THE stage has been set for a legal battle between US coal major Peabody and Anglo American after Peabody terminated its purchase agreement to buy Anglo’s steel-making coal assets in Australia.

Peabody cited a material adverse change (MAC) in the deal which was the fire at the Moranbah North mine five months ago. The mine remains closed following that event.

In reply, Anglo has rejected Peabody’s claim that a MAC had occurred while CEO Duncan Wanblad said the group will institute an action claiming damages for wrongful termination and that Anglo was confident in its legal position.

Wanblad also indicated Anglo did not believe it would have a problem finding another buyer “for value in due course.”

At stake would appear to be a $2bn up-front cash payment by Peabody made after the group agreed to the deal in November last year for $3.8bn in cash.

In addition to the upfront payment Peabody agreed to a deferred payment of $725m with the balance consisting of a $550m price-linked earnout and a contingent cash consideration of $450m linked to the re-opening of the Grosvenor coal mine.

Peabody also agreed to pay a $75m deposit on signing which Anglo American was entitled to keep if the sale was terminated in certain limited circumstances

Peabody president and CEO Jim Crech commented “the two companies did not reach a revised agreement to cure the MAC that compensated Peabody for the material and long-term impacts of the MAC on the most significant mine in the planned acquisition.”

The acquisition had been scheduled to close in April 2025. According to Grech, “Anglo estimates $45m per month of holding costs at Moranbah North. The mine was previously targeted to produce 5.3 million tons of saleable production in 2025, yet there is no timetable for the resumption of longwall mining at forecasted volumes and costs.”

That is rejected by Wanblad who stated, “the event at Moranbah North does not constitute a MAC under the sale agreement with Peabody.

“Our view is supported by the lack of damage to the mine and equipment as well as the substantial progress made with the regulator, our employees and the unions, and other stakeholders as part of the regulatory process towards a safe restart of the mine.”

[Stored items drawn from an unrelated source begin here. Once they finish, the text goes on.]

(* Pseudo-rotations are generic in $\overline{\mathcal{O}}^{\infty}(\mathbb{T}^2)$ and in $\overline{\mathcal{O}_\mu}^{\infty}(\mathbb{T}^2)$.
   Context: $\overline{\mathcal{O}}^{\infty}(\mathbb{T}^2)$ is the $C^\infty$-closure of $\{h\circ R_\theta\circ h^{-1}: h\in\mathrm{Diff}^\infty(\mathbb{T}^2),\theta\in\mathbb{T}^2\}$ where $R_\theta(x)=x+\theta$ on $\mathbb{T}^2=\mathbb{R}^2/\mathbb{Z}^2$, with the $C^\infty$ metric; $\overline{\mathcal{O}_\mu}^{\infty}(\mathbb{T}^2)$ is the same with $h$ area-preserving. Generic means holding on a countable intersection of open dense subsets. For $f$ a torus homeomorphism homotopic to the identity with lift $\tilde f$, its rotation set is $\rho(\tilde f)=\lim_{n\to\infty}\tilde f^n(D)/n$ (Hausdorff limit, $D$ a fundamental domain of $\mathbb{Z}^2$); $f$ is a pseudo-rotation if its rotation set is a single vector. *)

(* Stdlib reals + Coquelicot.
   The torus T^2 = R^2/Z^2 is handled through lifts R^2 -> R^2. *)
From Stdlib Require Import Reals ZArith List.
From Coquelicot Require Import Coquelicot.
Open Scope R_scope.

Definition pt : Type := (R * R)%type.

Definition partial (b : bool) (g : pt -> R) : pt -> R :=
  fun p => if b then Derive (fun t => g (t, snd p)) (fst p)
           else Derive (fun t => g (fst p, t)) (snd p).

Definition iter_partial (l : list bool) (g : pt -> R) : pt -> R :=
  fold_right partial g l.

Definition partial_exists (b : bool) (g : pt -> R) (p : pt) : Prop :=
  if b then ex_derive (fun t => g (t, snd p)) (fst p)
  else ex_derive (fun t => g (fst p, t)) (snd p).

Definition smooth_fun (g : pt -> R) : Prop :=
  forall (l : list bool) (p : pt),
    continuous (iter_partial l g) p /\
    forall b, partial_exists b (iter_partial l g) p.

Wanblad commented, “we are therefore very disappointed that Peabody has decided not to complete the transaction. We believe it would have been better for all parties to avoid a legal dispute.

“On that basis we have invested significant effort and shown great flexibility over recent months to find a solution for Peabody including proposing amended terms and technical options.

“We continue to reserve our rights under the definitive agreements, we are confident in our legal position and will shortly initiate an arbitration to seek damages for wrongful termination.”

Wanblad added, “we are confident that we will successfully conclude an alternative sales process for value in due course.